The word “peril” with regards to superheroine films can no longer be used with accuracy to describe situations for which it was originally intended. Consumers now largely believe that “peril” is synonymous with abuse or murder or rape or torture or humiliation. That’s simply a fact; the damage is done.
A new word is needed (for the sake of clarity) to differentiate between the ACTS of violence and the THREAT of those acts of violence. Feel free to offer suggestions in the comments section below.
Here’s the Merriam-Webster definition of “peril”…
: exposure to the risk of being injured, destroyed, or lost.
The operative word here is EXPOSURE!
So basically “peril” is the EXPOSURE TO or THREAT OF injury. Actually, it’s not even an exposure to injury… it’s exposure to THE RISK of injury!
Note that it does NOT say anything about actual death or rape or abuse or torture or humiliation. Those things are what happens when a peril actually comes to pass.
“Peril” is a villain THREATENING to rape or torture or abuse or kill a heroine. Peril has always existed as a part of narrative storytelling, most definitely in pulp adventures like comic books and serials. Perils exist as obstacles for the hero or heroine to overcome and escape. The THREAT of an imminent demise adds excitement to the story.
But if a villain is ACTUALLY raping or torturing or killing or abusing the heroine, then it’s no longer “peril” because it’s ACTUALLY HAPPENING! It’s no longer just a threat.

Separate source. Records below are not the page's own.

Lemma lsr01_of_srad a : srad_alg (qimage pi M) (pi a) -> lsr01 Y M a.
Proof.
move=> Ms b; have [_ _ _ piM _] := Hpi.
have [m0 [_ Mm0]] := Ms (pi (Y b 0 a)) 1.
have [m1 [_ Mm1]] := Ms (pi b) 1.
exists (maxn m0 m1) => r s r01.
apply: iterprod_in01_reduce => [x Cx | k].
  exact: (C2_Yr HV b (in01_le0 r01) Cx).
rewrite geq_max => /andP [le_m0k le_m1k]; rewrite -qimage_pi.
case/orP: r01 => /eqP ->.
  rewrite pi_Y0_iterprod_m1; apply: qimage_muln.
  by rewrite -[_ * _]mulr1; apply: Mm0.
by rewrite piM pi_iterprod_m1 -[_ * _]mulr1; apply: Mm1; apply: leqW.
Qed.

Lemma rsr01_of_srad a : srad_alg (qimage pi M) (pi a) -> rsr01 Y M a.
Proof.
move=> Ms w; have [_ _ _ piM _] := Hpi.
have [m0 [_ Mm0]] := Ms 1 (pi (Y a 0 w)).
have [m1 [_ Mm1]] := Ms 1 (pi w).
exists (maxn m0 m1) => n s n01.
apply: (iterprod_in01_reduce (f := fun x => Y x n w)) => [x Cx | k] /=.
  exact: (C2_Yl HV w (in01_le0 n01) Cx).
rewrite geq_max => /andP [le_m0k le_m1k]; rewrite -qimage_pi.
case/orP: n01 => /eqP ->.
  rewrite pi_iterprod_m1_Y0; apply: qimage_muln.
  by rewrite -[pi a ^+ k]mul1r; apply: Mm0.
by rewrite piM pi_iterprod_m1 -[pi a ^+ _]mul1r; apply: Mm1; apply: leqW.
Qed.

Lemma sr01_srad a : sr01 Y M a <-> srad_alg (qimage pi M) (pi a).
Proof.
split=> [[Ml _] | Ms]; first exact: srad_of_lsr01.
by split; [apply: lsr01_of_srad | apply: rsr01_of_srad].
Qed.

Lemma MZ01_MZsub : MZ01 Y M <-> MZsub (qimage pi M).
Proof.
have [_ pi_onto _ _ _] := Hpi.
split=> MZ z; last by rewrite r01_rad sr01_srad.
by have [x <-] := pi_onto z; rewrite -r01_rad -sr01_srad.
Qed.

End C2Quotient.

Unset Implicit Arguments.

Theorem mainTheorem1 (V : lmodType CC) (Y : V -> int -> V -> V) (one : V)
  (HV : is_vertex_algebra Y one)
  (M : V -> Prop) (HM : is_subspace M) (HC2M : forall x : V, C2 Y x -> M x)
  (A : comPzRingType) (pi : V -> A) (Hpi : is_C2_quotient Y one pi) :
  (forall a : V, r01 Y M a <-> rad_alg (qimage pi M) (pi a)) /\
  (forall a : V, sr01 Y M a <-> srad_alg (qimage pi M) (pi a)) /\
  (MZ01 Y M <-> MZsub (qimage pi M)).
Proof.
split; first exact: (r01_rad HV Hpi HM HC2M).
split; first exact: (sr01_srad HV Hpi HM HC2M).
exact: (MZ01_MZsub HV Hpi HM HC2M).
Qed.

There are many, many producers of superheroine films online and most of them will tell you that they make “peril films”. But most of them go WAY beyond the threat and spend the majority of the film focusing on the acts of violence and violations themselves. Thus the majority of superheroine clip consumers have come to accept that “peril” and the ACTS of violence are one in the same.
Humiliation, torture, death, rape, abuse… rather than calling it what it is… it is instead INACCURATELY and collectively referred to as “peril”.
Now let me be perfectly clear… I do not pass judgment on either the filmmakers or customers and everyone is welcome to enjoy whatever it is that they enjoy so long as everyone involved is consensual. I know that many of these producers and customers and actresses are perfectly well-adjusted people indulging in a FANTASY (i.e. – fiction, not reality). Each to his own, eye of the beholder, throwing stones in glass houses, blah blah blah….
My point is this… the widespread use of the word “peril” to describe the ACTUAL HAZARD ITSELF has resulted in consumer confusion.
I would argue that our heroines often face the THREAT of an imminent demise, therefore we make peril films… in the sense that all comic books and serials and pulps have peril.
However, many superheroine fans will tell you that we do not make peril films at all. We don’t go all the way, so to speak. They’ve bought into the lingo, not the definition.
Likewise many people that HATE “peril films” freak out every time we mention the word, and assume that if Stormy Tempest is in peril then we must be molesting her (which, of course, is not what we mean at all). They’ve also bought into the lingo, not the definition.
So if the word “peril” is now largely and irreversibly understood to have a meaning other than its proper definition… we clearly need a NEW WORD to express the concept of the EXPOSURE TO THE RISK of violence and injury.
If our superheroines are NOT in “peril”… what word should we now use that would maximize clarity?